33. Bonus, oppervlakterechten

In plaats van oppervlakterecht betalen houders van opsporingsvergunningen aan land geen oppervlakterecht, maar andere afdrachten zoals leges. De regering stelt dat, om lastenverzwaring te voorkomen, vastgehouden wordt aan de huidige situatie. Blijkbaar betalen zij dus minder dan op zee. Hebben de leden van de PvdA-fractie dit goed begrepen? Hoe verhoudt dit zich tot het genoemde streven naar gelijke behandeling van vergunninghouders? Kan de regering een impressie geven van het verschil in afdracht per m3?

De leden van de PvdA-fractie vragen in welke mate deze afdrachten aan land een éénmalig karakter hebben. De regering stelt immers dat het jaarlijks te betalen oppervlakterecht mede tot doel heeft om mijnbouwmaatschappijen tot een voortvarende aanpak van activiteiten te bewegen. Juist op het territoir lijkt dit meer van belang dan op zee, gezien het beslag op het oppervlak. Het komt de leden van de PvdA-fractie voor dat éénmalige afdrachten geen bijdrage zullen leveren aan een voortvarende aanpak. Kan de regering hierop ingaan? Kan de regering overwegen om het oppervlakterecht ook voor opsporingsactiviteiten op het land van toepassing te doen zijn? Deze leden overwegen het indienen van een amendement.

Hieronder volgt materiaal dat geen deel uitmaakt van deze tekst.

(* There is an absolute constant $c_0\in(0,1)$ such that the following holds. Let $A\in[0,1]^{m\times n}$ with $0<\Delta_1<c_0$, let $x\in\mathbb{R}_{\ge0}^n$, and let $\delta\in(0,1)$ with $\delta\ge2\sqrt{\Delta_1\ln(1/\Delta_1)}$ and $\alpha=\frac{1+\delta+\delta^2/2}{1-\delta}$. Let $i\in[m]$ and let $\theta_i\in(0,\Delta_1]$ satisfy $\sum_{j:A_{i,j}\le\theta_i}A_{i,j}x_j\ge1-\delta$. If $z$ is the randomized rounding of $\alpha x$, then $\Pr[(Az)_i<1]\le\theta_i$.
   Context: $\Delta_1=\max_{j\in[n]}\sum_{i=1}^mA_{i,j}$. Randomized rounding of $\alpha x$: $z\in\mathbb{Z}_{\ge0}^n$ is the random vector with independent coordinates $z_j=\lfloor\alpha x_j\rfloor+B_j$, where $B_j\in\{0,1\}$ is Bernoulli with $\Pr[B_j=1]=\alpha x_j-\lfloor\alpha x_j\rfloor$. *)

From Stdlib Require Import Reals Lra List.
Import ListNotations.
Open Scope R_scope.

Fixpoint rsum (f : nat -> R) (k : nat) : R :=
  match k with O => 0 | S k' => rsum f k' + f k' end.

Fixpoint rprod (f : nat -> R) (k : nat) : R :=
  match k with O => 1 | S k' => rprod f k' * f k' end.

(* Delta_1 = max_{j<n} sum_{i<m} A i j  (0 if n = 0) *)
Fixpoint rmax_upto (f : nat -> R) (k : nat) : R :=
  match k with O => 0 | S k' => Rmax (rmax_upto f k') (f k') end.

Definition Delta1 (m n : nat) (A : nat -> nat -> R) : R :=
  rmax_upto (fun j => rsum (fun i => A i j) m) n.

Definition rfloor (r : R) : R := IZR (Int_part r).

(* All bit vectors of length n (the outcomes of the Bernoulli variables B_j). *)
Fixpoint bitvecs (n : nat) : list (list bool) :=
  match n with
  | O => [[]]
  | S k => map (cons false) (bitvecs k) ++ map (cons true) (bitvecs k)
  end.

Definition bit (b : list bool) (j : nat) : R := if nth j b false then 1 else 0.

(* Randomized rounding of y (y = alpha x): z_j = floor(y_j) + B_j, with
   B_j independent Bernoulli, Pr[B_j = 1] = y_j - floor(y_j). *)
Definition rr_prob (y : nat -> R) (j : nat) : R := y j - rfloor (y j).

Definition rr_weight (n : nat) (y : nat -> R) (b : list bool) : R :=
  rprod (fun j => if nth j b false then rr_prob y j else 1 - rr_prob y j) n.

Definition rr_z (y : nat -> R) (b : list bool) (j : nat) : R :=
  rfloor (y j) + bit b j.

Definition rr_Pr (n : nat) (y : nat -> R) (E : (nat -> R) -> bool) : R :=
  fold_right Rplus 0
    (map (fun b => if E (rr_z y b) then rr_weight n y b else 0) (bitvecs n)).

Definition Rltb (a b : R) : bool := if Rlt_dec a b then true else false.
Definition Rleb (a b : R) : bool := if Rle_dec a b then true else false.

(* Chernoff's method applied to the lower tail of the row (Az)_i, keeping only
   the small entries: a_j := A_{i,j} if A_{i,j} <= theta, and 0 otherwise.  For lambda >= 0, Markov's inequality and
   independence give Pr[(Az)_i < 1] <= e^lambda * prod_j E[e^{-lambda a_j z_j}],
   and e^{-u} <= 1 - u + u^2/2 bounds every factor by
   exp (-lambda a_j y_j + lambda^2 theta a_j y_j / 2) with y = alpha x.  Since
   sum_j a_j y_j >= alpha (1 - delta) = M := 1 + delta + delta^2/2, the choice
   lambda = (M - 1) / (theta M) yields the bound exp (-(M - 1)^2 / (2 theta M)),
   which is at most exp (-delta^2 / (4 theta)).  Finally delta^2 >= 4 D ln (1/D)
   and the monotonicity of -t ln t on (0, 1/3] give exp (-delta^2/(4 theta)) <= theta. *)
From Stdlib Require Import Reals Lra Lia List.
From Coquelicot Require Import Coquelicot.
Open Scope R_scope.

De leden van de PvdA-fractie begrijpen dat het antwoord op de vraag over pag. 73 van de memorie van toelichting van wetstechnische aard is, en dat de wettekst uiteraard prevaleert boven de tekst in de memorie van toelichting. Toch blijft het zo dat het gebruik van de term «iedere vergunning» in de memorie van toelichting zich niet verhoudt tot deze wettekst, en dat dit wel zo zou moeten zijn. Kan de regering hierop ingaan?

De leden van de PvdA-fractie zouden graag willen weten wanneer de resultaten bekend worden van het onderzoek naar de mogelijkheden om de controle, de vaststelling en de invordering van afdrachten uit hoofde van de Mijnbouwwet en dus het staatswinstaandeel, te laten plaatsvinden als waren het rijksbelastingen waarop de AWR en de Invorderingswet van toepassing zijn. Kan de regering hierop ingaan?

De regering stelt dat de aansluiting bij wijzigingen in de fiscale regelgeving is verbeterd, zodat nu ook de mijnbouwindustrie profiteert van fiscale faciliteiten. Welke faciliteiten bedoelt de regering hier?

De leden van de PvdA-fractie juichen toe dat technische en administratieve vereenvoudigingen zullen plaatsvinden met betrekking tot het staatswinstaandeel. In welke mate zullen deze leiden tot een versnelling van de procedure en het tijdsbeslag dat gemoeid is met de afwikkeling van het staatswinstaandeel?

De leden van de PvdA-fractie merken op dat de invoering van een kosten-lift van 10% voor de vergunninghouders onder KB'76 en KB'96 een voordeel oplevert. Hoe verhoudt dit zich tot het uitgangspunt van de door de regering genoemde budgettaire neutraliteit? Hoeveel geld zal de Staat aan inkomsten derven?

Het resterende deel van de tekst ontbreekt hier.